# Are male rats worth it?



## herper64 (Dec 31, 2009)

I have a freind who has 2 male rats up for adoption and i was wondering if all the smelliness ect is worth it? although i want rats who cuddle i dont want rats who will pee all over me and will make me mad having to change the cage every 5 days. 

what are your opinions on male rats? what are the pros/cons of male rats?


----------



## Nekopan (Mar 18, 2010)

I love my boys. I don't find they're any smellier than girls, and while they do like to pee on me/things, I find it's not bad at all if you put down old towels and wear old clothing when you play with them.


----------



## CheshireLili (Mar 12, 2010)

Personally I think that male rats are much more enjoyable than females as cuddle buddies. I've had both genders and I've had one female that I really bonded with, but the rest for years and years have been male, just because of their more laid back personalities!


----------



## Lokirat (Mar 20, 2010)

Im agreeing with the rest on this one. Im a fan of bucks, down to the cuddliness, bonding and size. 

My first Rat was a girl- Angelina. She never stopped! dig dig, run run, explore, jump, tidy, make nest, dig dig, run run....

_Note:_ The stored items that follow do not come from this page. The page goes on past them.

Lemma use_principle P f e xs v : eval (join (coloring_set f) P) e xs v ->
  exists N, forall r, N <= len r -> agrees f r -> peval (cond_oracle P r) e xs v.
Proof.
  revert e xs v.
  apply (eval_mutual_ind (join (coloring_set f) P)
    (fun e xs v => exists N, forall r, N <= len r -> agrees f r -> peval (cond_oracle P r) e xs v)
    (fun gs xs ys => exists N, forall r, N <= len r -> agrees f r -> pevals (cond_oracle P r) gs xs ys));
    intros.
  all: try (exists 0; intros; constructor; fail).
  all: try (destruct H0 as [N1 K1], H2 as [N2 K2]; exists (max N1 N2); intros;
            econstructor; [apply K1|apply K2]; auto; lia).
  - exists (S (unpair2 (Nat.div2 (hd 0 xs)))). intros r Hr Ha.
    destruct (cond_oracle_answers_join P f r (hd 0 xs) 1 Ha ltac:(lia)) as [b [Hb Hv]].
    { apply decide_spec in H. rewrite H. reflexivity. }
    rewrite <- Hv. constructor; auto.
  - exists (S (unpair2 (Nat.div2 (hd 0 xs)))). intros r Hr Ha.
    destruct (cond_oracle_answers_join P f r (hd 0 xs) 0 Ha ltac:(lia)) as [b [Hb Hv]].
    { destruct (decide _ _) eqn:E; auto. apply decide_spec in E. contradiction. }
    rewrite <- Hv. constructor; auto.
  - destruct H0 as [N1 K1]. exists N1; intros. constructor; auto.
  - destruct H0 as [N1 K1].
    destruct (finite_max_bound n (fun m N => exists k, forall r, N <= len r -> agrees f r ->
                peval (cond_oracle P r) f0 (m :: xs) (S k))) as [N2 K2].
    + intros m N N' [k Hk] HN. exists k; intros; apply Hk; auto; lia.
    + intros m Hm. destruct (H1 m Hm) as [k [_ [N HN]]]. eauto.
    + exists (max N1 N2). intros r Hr Ha. constructor; [apply K1; auto; lia|].
      intros m Hm. destruct (K2 m Hm) as [k Hk]. exists k. apply Hk; auto; lia.
Qed.

(** * A fuel-bounded evaluator and its program *)

Definition code_nested_ind (Q : code -> Prop) (hZ : Q Zero) (hS : Q Succ)
  (hP : forall i, Q (Proj i)) (hO : Q Orac)
  (hC : forall f gs, Q f -> Forall Q gs -> Q (Comp f gs))
  (hPr : forall f g, Q f -> Q g -> Q (Prec f g)) (hMu : forall f, Q f -> Q (Mu f)) :
  forall e, Q e :=
  fix F e := match e return Q e with
  | Zero => hZ | Succ => hS | Proj i => hP i | Orac => hO
  | Comp f gs => hC f gs (F f) ((fix G l := match l return Forall Q l with
        [] => Forall_nil Q | g :: l => Forall_cons g (F g) (G l) end) gs)
  | Prec f g => hPr f g (F f) (F g)
  | Mu f => hMu f (F f) end.

(* Outputs of the evaluator below are shifted by one: [S v] means output
   [v], and [0] means "no answer" (an unanswered query or exhausted fuel). *)
Definition option_code (o : option bool) := match o with Some b => S (b2n b) | None => 0 end.

Definition COND_ORACLE :=
  let q := Proj 2 in let j := HALF q in let x := UNPAIR1 j in let y := UNPAIR2 j in
  IF (EVEN q)
     (IF (LT x y) (IF (LT y (LEN (Proj 1))) (SUCC (SIG (Proj 1) x y)) (CONST 0)) (CONST 1))
     (SUCC (Comp Orac [j])).

Lemma eval_COND_ORACLE P t n xs :
  eval P COND_ORACLE (t :: n :: xs) (option_code (cond_oracle P (decode_cond n) (hd 0 xs))).
Proof.
  unfold COND_ORACLE, cond_oracle. set (q := hd 0 xs).
  assert (Hq : eval P (Proj 2) (t :: n :: xs) q)
    by (eapply eval_eq_output; [constructor|destruct xs; reflexivity]).
  assert (Hx : eval P (UNPAIR1 (HALF (Proj 2))) (t :: n :: xs) (unpair1 (Nat.div2 q)))
    by (apply eval_UNPAIR1, eval_HALF, Hq).
  assert (Hy : eval P (UNPAIR2 (HALF (Proj 2))) (t :: n :: xs) (unpair2 (Nat.div2 q)))
    by (apply eval_UNPAIR2, eval_HALF, Hq).
  assert (HP : eval P Orac [Nat.div2 q] (b2n (decide P (Nat.div2 q)))).
  { destruct (decide P (Nat.div2 q)) eqn:E; constructor; simpl.
    - apply decide_spec; auto.
    - rewrite <- decide_spec, E. discriminate. }
  eapply eval_eq_output.
  - apply eval_IF; [apply eval_EVEN, Hq| |].
    + apply eval_IF; [apply eval_LT; [exact Hx|exact Hy]| |apply eval_CONST].
      apply eval_IF; [apply eval_LT; [exact Hy|apply eval_LEN; constructor]| |apply eval_CONST].
      apply eval_SUCC, eval_SIG; [constructor|exact Hx|exact Hy].
    + apply eval_SUCC. eapply eval_Comp1; [apply eval_HALF, Hq|exact HP].
  - cbn [nth]. destruct (Nat.even q); [|destruct (decide P (Nat.div2 q)); reflexivity].
    destruct (unpair1 (Nat.div2 q) <? unpair2 (Nat.div2 q)); [|reflexivity].
    destruct (unpair2 (Nat.div2 q) <? len (decode_cond n)); reflexivity.
Qed.

Definition prec_iter (F : nat) (G : nat -> nat -> nat) : nat -> nat :=
  fix it m := match m with
  | 0 => F
  | S i => let a := it i in if negb (a =? 0) then G i (pred a) else 0 end.

(* Search for the least [m < t] with shifted value [V m = 1] (output [0]):
   state [0] means still searching, [1] a failed subcomputation, [S (S m)]
   success at [m]. *)
Definition mu_search (V : nat -> nat) : nat -> nat :=
  fix it i := match i with
  | 0 => 0
  | S i => let a := it i in
     if negb (a =? 0) then a else (if V i =? 0 then 1 else if V i =? 1 then S (S i) else 0) end.

(* [fuel_eval P k t n e xs] runs [e] on [xs] ([length xs = k]) with oracle
   [cond_oracle P (decode_cond n)], searching below [t] in every [Mu]. *)
Fixpoint fuel_eval P (k t n : nat) (e : code) (xs : list nat) {struct e} : nat :=
  match e with
  | Zero => 1
  | Succ => S (S (hd 0 xs))
  | Proj i => S (nth i xs 0)
  | Orac => option_code (cond_oracle P (decode_cond n) (hd 0 xs))
  | Comp f gs => let ws := map (fun g => fuel_eval P k t n g xs) gs in
      b2n (forallb (fun w => negb (w =? 0)) ws) * fuel_eval P (length gs) t n f (map pred ws)
  | Prec f g => match k with
      | 0 => 0
      | S k' => prec_iter (fuel_eval P k' t n f (tl xs))
                  (fun i a => fuel_eval P (S k) t n g (i :: a :: tl xs)) (hd 0 xs) end
  | Mu f => let st := mu_search (fun i => fuel_eval P (S k) t n f (i :: xs)) t in
      if 2 <=? st then pred st else 0
  end.

Lemma mu_search_sound V t m :
  mu_search V t = S (S m) -> m < t /\ V m = 1 /\ forall i, i < m -> 2 <= V i.
Proof.
  induction t; simpl; [discriminate|].
  destruct (mu_search V t) as [|a] eqn:E; simpl.
  - assert (forall i, i < t -> 2 <= V i).
    { clear IHt. intros i Hi. revert E. induction t; simpl; intro E; [lia|].
      destruct (mu_search V t) eqn:E'; simpl in E; [|discriminate].
      destruct (Nat.eqb_spec (V t) 0); [discriminate|].
      destruct (Nat.eqb_spec (V t) 1); [discriminate|].
      destruct (Nat.eq_dec i t) as [->|]; [lia|]. apply IHt; auto; lia. }
    destruct (Nat.eqb_spec (V t) 0); [discriminate|].
    destruct (Nat.eqb_spec (V t) 1); [|discriminate].
    intros [= <-]. repeat split; auto.
  - intro H; destruct (IHt H) as (?&?&?). repeat split; auto.
Qed.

one thing girls do is wiggle their likke ears, in the teen years. 
However, My boys all wagged their tails during scritches and cuddles in youth....aww.
not know a girlie to do that...? 
i also love that ratty smell, especially after a wash....mmm fresh Rat. if only you could get a rat purfume


----------



## sheathepanda (Feb 10, 2010)

I've had females most of my rattie-owning life, and recently got males as well, and am absolutely loving it.
My females don't stop moving and exploring until about 2 years, and then only a few of them calm down and become my cuddlebugs.
I haven't had a problem with my males pottying on me, despite their young age. They've had small accidents when they get scared, but nothing more.
I actually haven't noticed much of a stink from my males.
If anything, my females smell worse.


----------



## Alexc844 (Sep 8, 2008)

My male is neutered and my girls actually smell more than he does. And he is the biggest lover ever!


----------



## Stace87 (Jun 24, 2008)

Males do urine mark, some more than others. Some females urine mark too though so I wouldn't choose a certain sex based on that.



sheathepanda said:


> I haven't had a problem with my males pottying on me, despite their young age. They've had small accidents when they get scared, but nothing more.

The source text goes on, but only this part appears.